Energy and water exchanges modulated by soil–plant nitrogen cycling in a temperate Pacific Northwest conifer forest

Nitrogen controls on the seasonal and inter-annual variations in evapotranspiration in a temperate Pacific Northwest Douglas-fir forest in British Columbia, Canada, were studied using a coupled carbon and nitrogen (C&N) model developed by incorporating plant–soil nitrogen cycling algorithms in the Carbon-Canadian Land Surface Scheme (default C-CLASS). In the coupled C&N-CLASS, the maximum carboxylation rate of Rubisco (Vcmax) is determined nonlinearly from the modeled leaf Rubisco-nitrogen, rather than being prescribed. Hence, variations in canopy assimilation, stomatal conductance and evapotranspiration are sensitive to leaf nitrogen status through Rubisco activity. Model output from both default and coupled versions was compared with eddy covariance water vapor flux measurements made over a 5-year period (1998–2002) in this forest.
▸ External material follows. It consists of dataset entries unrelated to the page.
(* Let $K$ be an imaginary quadratic field, $O$ an order in $K$, $\mathfrak{m}\subseteq O$ a proper ideal, $\Lambda\subseteq\mathbb{Z}$ multiplicatively closed, $H=P_{O,\Lambda}(\mathfrak{m})$, and $\pi:\mathrm{cl}_H\to\mathrm{cl}_O$ the natural surjection. Let $\Gamma$ be a subgroup of $\mathrm{GL}(O/\mathfrak{m})$ with $\Gamma\supseteq\Gamma_{O,\Lambda}(\mathfrak{m})$. Then $\ker\pi$ acts on the set $$X_\Gamma:=\{M\Gamma: M\in\mathrm{GL}(O/\mathfrak{m})\}/\sim,$$ where $\sim$ identifies left cosets up to left multiplication by $\mu_u$ for $u\in O^\times$; namely, identifying $\ker\pi$ with classes of $[\alpha]\in(O/\mathfrak{m})^\times$ modulo multiplication by the images of $\Lambda$ and $O^\times$ (via $[\alpha]\mapsto[\alpha O]$), the rule $M\Gamma\mapsto\mu_\alpha M\Gamma$ is a well-defined action.
   Context: $\mathrm{GL}(O/\mathfrak{m})$ is the group of group automorphisms of $O/\mathfrak{m}$, and $\mu_\alpha$ denotes multiplication by $\alpha$ on $O/\mathfrak{m}$. Proper ideal: $\{\alpha\in K:\alpha\mathfrak{m}\subseteq\mathfrak{m}\}=O$. $\mathrm{cl}_O$ is the class group of proper fractional ideals modulo principal ones. $I_O(\mathfrak{m})$ is generated by proper integral ideals coprime to $\mathfrak{m}$, $\mathrm{cl}_H=I_O(\mathfrak{m})/H$, and $\pi$ sends the class of $\mathfrak{a}$ to its class in $\mathrm{cl}_O$. For $\alpha,\beta\in K^\times$, $\alpha\equiv\beta\bmod\mathfrak{m}$ means $\alpha_1\beta_2-\alpha_2\beta_1\in\mathfrak{m}$ whenever $\alpha=\alpha_1/\alpha_2,\beta=\beta_1/\beta_2$ with $\alpha_i,\beta_i\in O$. $P_{O,\Lambda}(\mathfrak{m})=\{\alpha O:\alpha\equiv\lambda\bmod\mathfrak{m}$ for some $\lambda\in\Lambda$ coprime to $N(\mathfrak{m})\}$ and $\Gamma_{O,\Lambda}(\mathfrak{m})=\{\mu_\alpha:\alpha O\in P_{O,\Lambda}(\mathfrak{m})\}$. By an exact sequence $1\to O^\times/(O^\times\cap(\Lambda+\mathfrak{m}))\to(O/\mathfrak{m})^\times/\Delta\to\mathrm{cl}_H\to\mathrm{cl}_O\to1$ (with $\Delta$ the image of $\Lambda$ in $(O/\mathfrak{m})^\times$), $\ker\pi$ is the image of $(O/\mathfrak{m})^\times$ under $[\alpha]\mapsto[\alpha O]$. *)

(* Setoid-style formalization: the imaginary quadratic field,
   the order O, the ideal m, the quotient O/m and the group GL(O/m) are all
   represented inside algC, with quotients handled by explicit congruences. *)
From HB Require Import structures.
From mathcomp Require Import all_boot all_order all_algebra all_field.
Set Implicit Arguments. Unset Strict Implicit. Unset Printing Implicit Defensive.
Import Order.TTheory GRing.Theory Num.Theory.
Local Open Scope ring_scope.

Definition quadK (d : nat) (x : algC) : Prop :=
  exists a b : rat, x = ratr a + ratr b * sqrtC (- (d%:R)).

Definition is_quad_order (d : nat) (O : algC -> Prop) : Prop :=
  [/\ (forall x, O x -> quadK d x),
      O 1,
      (forall x y, O x -> O y -> O (x - y)),
      (forall x y, O x -> O y -> O (x * y)) &
      exists a b : algC,
        (forall x, O x <-> exists i j : int, x = i%:~R * a + j%:~R * b) /\
        (forall x, quadK d x -> exists p q : rat, x = ratr p * a + ratr q * b)].

Definition is_ideal_of (O m : algC -> Prop) : Prop :=
  [/\ (forall x, m x -> O x), m 0,
      (forall x y, m x -> m y -> m (x - y)) &
      (forall r x, O r -> m x -> m (r * x))].

(* proper ideal: {alpha in K : alpha m ⊆ m} = O *)
Definition invertible_ideal (d : nat) (O m : algC -> Prop) : Prop :=
  is_ideal_of O m /\
  forall a, quadK d a -> ((forall x, m x -> m (a * x)) <-> O a).

Definition unitO (O : algC -> Prop) (u : algC) : Prop :=
  [/\ O u, u != 0 & O u^-1].

Definition unit_mod (O m : algC -> Prop) (a : algC) : Prop :=
  O a /\ exists2 b, O b & m (a * b - 1).

Definition norm_is (O m : algC -> Prop) (n : nat) : Prop :=
  exists s : seq algC,
  [/\ size s = n,
      (forall i, (i < n)%N -> O (nth 0 s i)),
      (forall i j, (i < n)%N -> (j < n)%N -> m (nth 0 s i - nth 0 s j) -> i = j) &
      (forall x, O x -> exists2 i, (i < n)%N & m (x - nth 0 s i))].

Definition coprime_norm (O m : algC -> Prop) (l : int) : Prop :=
  exists n, norm_is O m n /\ coprimez l n%:Z.

Definition congK (O m : algC -> Prop) (a b : algC) : Prop :=
  forall a1 a2 b1 b2, O a1 -> O a2 -> O b1 -> O b2 -> a2 != 0 -> b2 != 0 ->
    a = a1 / a2 -> b = b1 / b2 -> m (a1 * b2 - a2 * b1).

(* the principal ideal alpha O lies in P_{O,Lambda}(m) *)
Definition in_P (d : nat) (O m : algC -> Prop) (Lam : int -> Prop) (a : algC) : Prop :=
  exists b, [/\ quadK d b, b != 0,
    (forall x, (exists2 o, O o & x = a * o) <-> (exists2 o, O o & x = b * o)) &
    exists l, [/\ Lam l, coprime_norm O m l & congK O m b l%:~R]].

(* GL(O/m): a function f represents the group automorphism [x] |-> [f x] of
   the additive group O/m (well defined, additive, bijective modulo m). *)
Definition GLm (O m : algC -> Prop) (f : algC -> algC) : Prop :=
  [/\ (forall x, O x -> O (f x)),
      (forall x y, O x -> O y -> m (x - y) -> m (f x - f y)),
      (forall x y, O x -> O y -> m (f (x + y) - (f x + f y))),
      (forall x y, O x -> O y -> m (f x - f y) -> m (x - y)) &
      (forall y, O y -> exists2 x, O x & m (f x - y))].

Definition gl_eq (O m : algC -> Prop) (f g : algC -> algC) : Prop :=
  forall x, O x -> m (f x - g x).

Definition GL_subgroup (O m : algC -> Prop) (Gam : (algC -> algC) -> Prop) : Prop :=
  [/\ (forall f, Gam f -> GLm O m f),
      (forall f g, Gam f -> GLm O m g -> gl_eq O m f g -> Gam g),
      Gam (fun x => x),
      (forall f g, Gam f -> Gam g -> Gam (f \o g)) &
      (forall f g, Gam f -> GLm O m g -> gl_eq O m (f \o g) (fun x => x) -> Gam g)].

Definition mu (a : algC) : algC -> algC := fun x => a * x.

(* f represents mu_alpha, multiplication by alpha = a1/a2 in K on O/m
   (a1, a2 in O, a2 invertible mod m) *)
Definition is_mu (O m : algC -> Prop) (a : algC) (f : algC -> algC) : Prop :=
  exists a1 a2, [/\ O a1, O a2, a2 != 0, a = a1 / a2 &
     unit_mod O m a2 /\ forall x, O x -> m (a2 * f x - a1 * x)].

Definition GammaOL (d : nat) (O m : algC -> Prop) (Lam : int -> Prop)
    (f : algC -> algC) : Prop :=
  GLm O m f /\
  exists a, [/\ quadK d a, a != 0, in_P d O m Lam a & is_mu O m a f].

(* ker pi identified with (O/m)^x modulo the images of Lambda (elements
   coprime to N(m)) and of O^x: equality of classes of a and b *)
Definition kerpi_rel (O m : algC -> Prop) (Lam : int -> Prop) (a b : algC) : Prop :=
  exists l u, [/\ Lam l, coprime_norm O m l, unitO O u & m (a - l%:~R * u * b)].

(* X_Gamma: M Gamma ~ N Gamma iff N Gamma = mu_u M Gamma for some u in O^x *)
Definition X_rel (O m : algC -> Prop) (Gam : (algC -> algC) -> Prop)
    (M N : algC -> algC) : Prop :=
  exists u g, [/\ unitO O u, Gam g & gl_eq O m N (mu u \o M \o g)].
Lemma rank_le_of_sub p q : (forall p', R p' p -> R p' q) -> rank_le p q.
Proof.
  intro H. constructor. intros p' Hp'. exists p'. split; [exact (H p' Hp') | apply rank_le_refl].
Qed.

Lemma rank_lt_wf : well_founded rank_lt.
Proof.
  enough (H : forall q p, rank_le p q -> Acc rank_lt p)
    by (intro p; exact (H p p (rank_le_refl p))).
  intro q. induction q as [q IH] using (well_founded_induction Rwf).
  intros p Hpq. constructor. intros p' [p'' [Hp'' Hp'p'']].
  destruct (rank_le_inv _ _ Hpq p'' Hp'') as [q' [Hq' Hp''q']].
  exact (IH q' Hq' p' (rank_le_trans _ _ _ Hp'p'' Hp''q')).
Qed.

Lemma rank_le_or_gt p q : rank_le p q \/ rank_lt q p.
Proof.
  revert q. induction p as [p IH] using (well_founded_induction Rwf). intro q.
  destruct (classic (rank_le p q)) as [H|H]; [left; exact H | right].
  assert (Hex : exists p', R p' p /\ forall q', R q' q -> ~ rank_le p' q').
  { apply NNPP. intro Hn. apply H. constructor. intros p' Hp'. apply NNPP. intro Hx.
    apply Hn. exists p'. split; [exact Hp'|]. intros q' Hq' Hle. apply Hx. eauto. }
  destruct Hex as [p' [Hp' Hno]]. exists p'. split; [exact Hp'|].
  constructor. intros q' Hq'. destruct (IH p' Hp' q') as [Hle|[r [Hr Hle]]].
  - exfalso. exact (Hno q' Hq' Hle).
  - exists r. auto.
Qed.

Lemma rank_min {I : Type} (h : I -> A) (i0 : I) : exists i, forall j, rank_le (h i) (h j).
Proof.
  destruct (wf_minimal rank_lt (fun p => exists i, p = h i) rank_lt_wf
              (ex_intro _ (h i0) (ex_intro _ i0 eq_refl))) as [p [[i ->] Hmin]].
  exists i. intro j. destruct (rank_le_or_gt (h i) (h j)) as [H|H]; [exact H|].
  exfalso. exact (Hmin (h j) (ex_intro _ j eq_refl) H).
Qed.

Lemma rank_le_map (g : A -> A) :
  (forall p p', R p' p -> rank_lt (g p') (g p)) -> forall p, rank_le p (g p).
Proof.
  intros Hg p. induction p as [p IH] using (well_founded_induction Rwf).
  constructor. intros p' Hp'. destruct (Hg p p' Hp') as [q [Hq Hle]].
  exists q. split; [exact Hq|]. exact (rank_le_trans _ _ _ (IH p' Hp') Hle).
Qed.

End Rank.

Definition add_top {A : Type} (R : A -> A -> Prop) (o' o : option A) : Prop :=
  match o', o with
  | Some p', Some p => R p' p
  | Some _, None => True
  | None, _ => False
  end.

Lemma add_top_wf {A : Type} (R : A -> A -> Prop) : well_founded R -> well_founded (add_top R).
Proof.
  intro Hwf.
  assert (HSome : forall p, Acc (add_top R) (Some p)).
  { intro p. induction p as [p IH] using (well_founded_induction Hwf).
    constructor. intros [p'|] H; [exact (IH p' H) | destruct H]. }
  intros [p|]; [apply HSome|]. constructor. intros [p'|] H; [apply HSome | destruct H].
Qed.

Definition image_rel {A B : Type} (e : A -> B) (R : A -> A -> Prop) (b' b : B) : Prop :=
  exists a' a, b' = e a' /\ b = e a /\ R a' a.

Lemma image_rel_wf {A B : Type} (e : A -> B) (R : A -> A -> Prop) :
  injective e -> well_founded R -> well_founded (image_rel e R).
Proof.
  intros He Hwf. apply (wf_simulation _ _ R (fun b a => b = e a) _ Hwf).
  - intros b b' [a' [a [-> _]]]. eauto.
  - intros b b' a [a1' [a1 [-> [-> H]]]] Hb. apply He in Hb. subst. eauto.
Qed.

Lemma uncountable_list_miss {A : Type} :
  uncountable A -> forall l : list A, exists x, ~ In x l.
Proof.
  intros Hunc l. apply NNPP. intro Hn. apply Hunc.
  assert (Hall : forall x, exists n, nth_error l n = Some x).
  { intro x. apply In_nth_error. apply NNPP. intro Hx. apply Hn. eauto. }
  destruct (choice _ Hall) as [idx Hidx]. exists idx.
  intros x y H. pose proof (Hidx x) as Hx. rewrite H, Hidx in Hx. congruence.
Qed.

Lemma nat_injection_avoiding {A : Type} (m : A) :
  (forall l : list A, exists x, ~ In x l) -> exists d : nat -> A, injective d /\ forall n, d n <> m.
Proof.
  intro Hmiss. destruct (choice _ Hmiss) as [fresh Hfresh].
  pose (L := fix L n := match n with O => m :: nil | S k => fresh (L k) :: L k end).
  assert (Hm : forall n, In m (L n)) by (induction n; simpl; auto).
  assert (Hlater : forall i k, i < k -> In (fresh (L i)) (L k)).
  { intros i k. induction k as [|k IH]; intro Hik; [lia|]. simpl.
    destruct (Nat.eq_dec i k) as [->|Hne]; [left; reflexivity | right; apply IH; lia]. }
  exists (fun n => fresh (L n)). split.
  - intros i k Heq. destruct (Nat.lt_trichotomy i k) as [H|[H|H]]; [|exact H|]; exfalso.
    + apply (Hfresh (L k)). rewrite <- Heq. exact (Hlater i k H).
    + apply (Hfresh (L i)). rewrite Heq. exact (Hlater k i H).
  - intros n Hn. apply (Hfresh (L n)). rewrite Hn. apply Hm.
Qed.

Lemma hilbert_hotel {A : Type} (m : A) (d : nat -> A) :
  injective d -> (forall n, d n <> m) -> exists j : A -> A, injective j /\ forall x, j x <> m.
Proof.
  intros Hd Hdm.
  assert (Hj : forall x, exists y, (x = m /\ y = d 0) \/ (exists n, x = d n /\ y = d (S n))
                              \/ (x <> m /\ (forall n, x <> d n) /\ y = x)).
  { intro x. destruct (classic (x = m)) as [->|Hm]; [eauto|].
    destruct (classic (exists n, x = d n)) as [[n ->]|Hn]; [eauto 6|].
    exists x. right; right. split; [exact Hm|]. split; [|reflexivity]. intros n ->. eauto. }
  destruct (choice _ Hj) as [j Hspec]. exists j. split.
  - intros x y Hxy.
    destruct (Hspec x) as [[-> Ex]|[[n [-> Ex]]|[Hxm [Hxd Ex]]]];
    destruct (Hspec y) as [[-> Ey]|[[k [-> Ey]]|[Hym [Hyd Ey]]]];
    rewrite Ex in Hxy; rewrite ?Ey in Hxy;
    try (apply Hd in Hxy; congruence); subst; firstorder congruence.
  - intros x Hx. destruct (Hspec x) as [[_ E]|[[n [_ E]]|[Hxm [_ E]]]]; rewrite E in Hx.
    + exact (Hdm 0 Hx).
    + exact (Hdm (S n) Hx).
    + exact (Hxm Hx).
Qed.

Lemma injective_left_inverse {A B : Type} (i : A -> B) (a0 : A) :
  injective i -> exists r : B -> A, forall a, r (i a) = a.
Proof.
  intro Hi. assert (H : forall b, exists a, (exists a', i a' = b) -> i a = b).
  { intro b. destruct (classic (exists a', i a' = b)) as [[a' Ha']|Hn]; [exists a'; auto|].
    exists a0. intro Hx. contradiction. }
  destruct (choice _ H) as [r Hr]. exists r. intro a. apply Hi. apply Hr. eauto.
Qed.

Section Cardinal.
Context {K : Type} (lt : K -> K -> Prop).
Hypothesis (Hwo : is_wellorder lt) (Hseg : forall a, ~ exists f : K -> seg lt a, injective f)
  (Hunc : uncountable K).

Lemma lt_wf : well_founded lt.
Proof. exact (proj1 Hwo). Qed.

Lemma lt_trans a b c : lt a b -> lt b c -> lt a c.
Proof. exact (proj1 (proj2 Hwo) a b c). Qed.

Lemma lt_trichotomy a b : lt a b \/ a = b \/ lt b a.
Proof. exact (proj2 (proj2 Hwo) a b). Qed.

Lemma lt_irrefl a : ~ lt a a.
Proof. exact (Acc_irrefl lt a (lt_wf a)). Qed.

Lemma K_inhabited : inhabited K.
Proof. destruct (uncountable_list_miss Hunc nil) as [x _]. exact (inhabits x). Qed.

Lemma no_greatest a : exists b, lt a b.
Proof.
  apply NNPP. intro Hn.
  destruct (nat_injection_avoiding a (uncountable_list_miss Hunc)) as [d [Hd Hda]].
  destruct (hilbert_hotel a d Hd Hda) as [j [Hj Hja]].
  assert (Hlt : forall x, lt (j x) a).
  { intro x. destruct (lt_trichotomy (j x) a) as [H|[H|H]]; [exact H | |]; exfalso.
    - exact (Hja x H).
    - exact (Hn (ex_intro _ (j x) H)). }
  apply (Hseg a). exists (fun x => exist _ (j x) (Hlt x)).
  intros x y Hxy. apply Hj. exact (f_equal (@proj1_sig _ _) Hxy).
Qed.

Lemma omega_below : exists (w : K) (j : nat -> K), injective j /\ forall n, lt (j n) w.
Proof.
  destruct K_inhabited as [k0].
  destruct (wf_minimal lt (fun _ => True) lt_wf (ex_intro _ k0 I)) as [e0 [_ He0]].
  assert (Hsucc : forall a, exists s, lt a s /\ forall y, lt a y -> ~ lt y s).
  { intro a. destruct (wf_minimal lt (lt a) lt_wf (no_greatest a)) as [s Hs]. eauto. }
  destruct (choice _ Hsucc) as [succ Hsucc'].
  pose (e := fix e n := match n with O => e0 | S n => succ (e n) end).
  assert (Hinc : forall n k, n < k -> lt (e n) (e k)).
  { intros n k. induction k as [|k IH]; intro Hnk; [lia|].
    assert (Hstep : lt (e k) (e (S k))) by exact (proj1 (Hsucc' (e k))).
    destruct (Nat.eq_dec n k) as [->|Hne]; [exact Hstep|].
    exact (lt_trans _ _ _ (IH ltac:(lia)) Hstep). }
  assert (He : injective e).
  { intros n k Heq. destruct (Nat.lt_trichotomy n k) as [H|[H|H]]; [|exact H|];
      exfalso; apply (lt_irrefl (e n)); [rewrite Heq at 2 | rewrite Heq at 1]; apply Hinc, H. }
  destruct (classic (exists w, forall n, lt (e n) w)) as [[w Hw]|Hunb]; [eauto|].
  (* Otherwise [e] enumerates all of [K]. *)
  exfalso. apply Hunc.
  assert (Hcof : forall x, exists n, ~ lt (e n) x).
  { intro x. apply NNPP. intro Hx. apply Hunb. exists x. intro n.
    apply NNPP. intro H. apply Hx. eauto. }
  assert (Henum : forall n x, ~ lt (e n) x -> exists k, x = e k).
  { intro n. induction n as [|n IH]; intros x Hx.
    - destruct (lt_trichotomy x e0) as [H|[H|H]]; [| exists 0; exact H | contradiction].
      exfalso. exact (He0 x I H).
    - destruct (lt_trichotomy x (e (S n))) as [H|[H|H]]; [| exists (S n); exact H | contradiction].
      apply IH. intro Hnx. exact (proj2 (Hsucc' (e n)) x Hnx H). }
  assert (Hidx : forall x, exists k, x = e k) by (intro x; destruct (Hcof x) as [n Hn]; eauto).
  destruct (choice _ Hidx) as [idx Hidx']. exists idx.
  intros x y H. rewrite (Hidx' x), (Hidx' y), H. reflexivity.
Qed.

Lemma code_injection : exists c : bool * bool -> K, injective c.
Proof.
  destruct omega_below as [_ [j [Hj _]]].
  exists (fun pq => j (Nat.b2n (fst pq) + 2 * Nat.b2n (snd pq))).
  intros [[] []] [[] []] H; apply Hj in H; simpl in H; congruence.
Qed.

Definition in_nbhd (t : short_seqs lt) (y : K -> K) : Prop :=
  forall b (H : lt b (projT1 t)), y b = projT2 t (exist _ b H).

Definition extends (t' t : short_seqs lt) : Prop :=
  forall b (H : lt b (projT1 t)), exists H' : lt b (projT1 t'),
    projT2 t' (exist _ b H') = projT2 t (exist _ b H).

Definition restr (x : K -> K) (d : K) : short_seqs lt :=
  existT (fun a => seg lt a -> K) d (fun b => x (proj1_sig b)).

Lemma extends_refl t : extends t t.
Proof. intros b H. exists H. reflexivity. Qed.

Lemma extends_trans t1 t2 t3 : extends t1 t2 -> extends t2 t3 -> extends t1 t3.
Proof.
  intros X12 X23 b H. destruct (X23 b H) as [H' E1]. destruct (X12 b H') as [H'' E2].
  exists H''. rewrite E2. exact E1.
Qed.

Lemma extends_restr x d d' : lt d d' -> extends (restr x d') (restr x d).
Proof. intros Hdd' b H. exists (lt_trans _ _ _ H Hdd'). reflexivity. Qed.
Lemma chain_rows a1 b1 c1 d1 a2 b2 c2 d2 :
  chainable a1 b1 c1 d1 a2 b2 c2 d2 ->
  (a1 * (b1 * d1 %/ d2) * d2 = a1 * b1 * d1)%N.
Proof.
case=> _ _ _ _ h; rewrite -mulnA divnK ?mulnA //.
exact: dvdn_mull.
Qed.

Lemma chain_cols a1 b1 c1 d1 a2 b2 c2 d2 :
  chainable a1 b1 c1 d1 a2 b2 c2 d2 ->
  (a1 * (a2 * c2 %/ a1) * d2 = a2 * c2 * d2)%N.
Proof.
case=> _ _ _ h _; rewrite [(a1 * _)%N]mulnC divnK //.
exact: dvdn_mulr.
Qed.

Section Classes.
Variables (m r n : nat).

Definition suppM (p q : nat) (M : 'M[int]_(p, q)) : {set 'I_p * 'I_q} :=
  [set ij | M ij.1 ij.2 != 0].
Definition suppcol (M : 'M[int]_(m, r)) (i : 'I_r) : {set 'I_m} :=
  [set k | M k i != 0].
Definition supprow (M : 'M[int]_(r, n)) (i : 'I_r) : {set 'I_n} :=
  [set k | M i k != 0].

Definition Umx (L : 'M[int]_(m, r)) (R : 'M[int]_(r, n)) (i : 'I_r)
  : 'M[int]_(m, n) := col i L *m row i R.

Definition classes (L : 'M[int]_(m, r)) (R : 'M[int]_(r, n))
  : {set {set 'I_r}} :=
  [set [set j | Umx L R j == Umx L R i] | i : 'I_r].

(* (R_P, C_P): sets such that supp U_i = R_P x C_P for all i in P
   (chosen by [pick]; when no such pair exists we default to (set0,set0)). *)
Definition RCpair (L : 'M[int]_(m, r)) (R : 'M[int]_(r, n)) (P : {set 'I_r})
  : {set 'I_m} * {set 'I_n} :=
  odflt (set0, set0)
    [pick RC : {set 'I_m} * {set 'I_n}
       | [forall i in P, suppM (Umx L R i) == setX RC.1 RC.2]].

Definition RP L R P := (RCpair L R P).1.
Definition CP L R P := (RCpair L R P).2.

End Classes.

From mathcomp Require Import all_boot all_algebra.
From mathcomp Require Import mxtens.

Set Implicit Arguments.
Unset Strict Implicit.
Unset Printing Implicit Defensive.

Import GRing.Theory Num.Theory.

(* Read a row index x of S_(a,b,c,d) = I_a (x) 1_(b x c) (x) I_d in mixed radix as
   (alpha, beta, delta) in [a] x [b] x [d]: the entry at (x, y) is 1 exactly when
   the keys (alpha, delta) = (x / d / b, x mod d) of x and y agree.  Hence
   S_pi1 = [f x = g k] and S_pi2 = [g' k = h y] are incidence matrices, U_k is the
   indicator of {f = g k} x {h = g' k}, and k ~ j iff (g k, g' k) = (g j, g' j).
   For a chainable pair c1 = r t and b2 d2 = r d1 with t = a2 / a1, so the two
   keys of a middle index k carry exactly its key (k / d1 / r, k mod d1) for the
   pattern (a2, r, r, d1), whose fibres have r elements; the keys of pi1 * pi2
   are read off in the same way, which identifies supp S_(pi1 * pi2). *)

Lemma setX_inj (T1 T2 : finType) (A A' : {set T1}) (B B' : {set T2}) :
  A != set0 -> B != set0 -> setX A B = setX A' B' -> A = A' /\ B = B'.
Proof.
move=> /set0Pn[a Aa] /set0Pn[b Bb] /setP eAB.
have /setXP[A'a B'b] : (a, b) \in setX A' B' by rewrite -eAB in_setX Aa Bb.
split; apply/setP => z.
  by have := eAB (z, b); rewrite !in_setX Bb B'b !andbT.
by have := eAB (a, z); rewrite !in_setX Aa A'a.
Qed.

Definition pattern_key (b d k : nat) : nat * nat := (k %/ d %/ b, k %% d).

Lemma pattern_key_bound a b d k :
  k < a * b * d -> k %/ d %/ b < a /\ k %% d < d.
Proof.
move=> lt_k; have := leq_ltn_trans (leq0n k) lt_k.
rewrite !muln_gt0 => /andP[/andP[_ b_gt0] d_gt0].
by rewrite !ltn_divLR // ltn_pmod.
Qed.

Lemma mixed_radix_lt a b d q be s :
  q < a -> be < b -> s < d -> (q * b + be) * d + s < a * b * d.
Proof.
move=> lt_q lt_be lt_s.
have lt_qbe : q * b + be < a * b.
  apply: (@leq_trans (q * b + b)); first by rewrite ltn_add2l.
  by rewrite addnC -mulSn leq_mul2r lt_q orbT.
apply: (@leq_trans ((q * b + be) * d + d)); first by rewrite ltn_add2l.
by rewrite addnC -mulSn leq_mul2r lt_qbe orbT.
Qed.

Lemma divnMDl_small d q s : s < d -> (q * d + s) %/ d = q.
Proof.
by move=> lt_s; rewrite divnMDl ?(leq_ltn_trans _ lt_s) // divn_small ?addn0.
Qed.

Lemma pattern_key_digits b d q be s :
  be < b -> s < d -> pattern_key b d ((q * b + be) * d + s) = (q, s).
Proof.
by move=> lt_be lt_s; rewrite /pattern_key !divnMDl_small // modnMDl modn_small.
Qed.

Lemma card_pattern_key_fiber M a b d q s : M = a * b * d -> q < a -> s < d ->
  #|[set x : 'I_M | pattern_key b d x == (q, s)]| = b.
Proof.
move=> -> lt_q lt_s.
pose digit (be : 'I_b) : 'I_(a * b * d) :=
  Ordinal (mixed_radix_lt lt_q (ltn_ord be) lt_s).
have digitK be : digit be %/ d %% b = be.
  by rewrite /= divnMDl_small // modnMDl modn_small.
have -> : [set x : 'I_(a * b * d) | pattern_key b d x == (q, s)] = digit @: setT.
  apply/setP => x; rewrite inE; apply/eqP/imsetP => [|[be _ ->]].
    rewrite /pattern_key => -[e_q e_s].
    have : 0 < a * b * d := leq_ltn_trans (leq0n x) (ltn_ord x).
    rewrite !muln_gt0 => /andP[/andP[_ b_gt0] _].
    exists (Ordinal (ltn_pmod (x %/ d) b_gt0)) => //.
    by apply: val_inj; rewrite /= -e_q -e_s -!divn_eq.
  exact: pattern_key_digits.
rewrite card_imset ?cardsT ?card_ord // => u v.
by move/(congr1 (fun x : 'I_(a * b * d) => x %/ d %% b)); rewrite !digitK => /val_inj.
Qed.

Lemma pattern_key_onto M a b d q s : M = a * b * d -> 0 < b -> q < a -> s < d ->
  exists x : 'I_M, pattern_key b d x = (q, s).
Proof.
move=> eM b_gt0 lt_q lt_s.
have /card_gt0P[x] : 0 < #|[set x : 'I_M | pattern_key b d x == (q, s)]|.
  by rewrite (card_pattern_key_fiber eM).
by rewrite inE => /eqP; exists x.
Qed.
Incorporation of leaf Rubisco-N modulated photosynthesis algorithms, which interact with canopy conductance and other soil–plant N cycling processes, improved canopy transpiration simulations (about 10% higher than from the default model) and thus latent heat flux (half-hourly and monthly), particularly during the main growing seasons. Values of soil moisture simulated using the coupled model were in better agreement with observations than those using the default model. Compared to the observed evapotranspiration values of 432, 435, 415, 382 and 388 mm for 1998–2002, respectively, coupled C&N model simulated annual values were 380, 398, 382, 403 and 386 mm, while the default model's were 357, 375, 363, 386 and 374 mm for respective years. The coupled C&N land surface model framework will be a useful tool for evaluating impacts of nitrogen cycle on evapotranspiration and energy fluxes from terrestrial ecosystems and its feedbacks on Earth's climate system.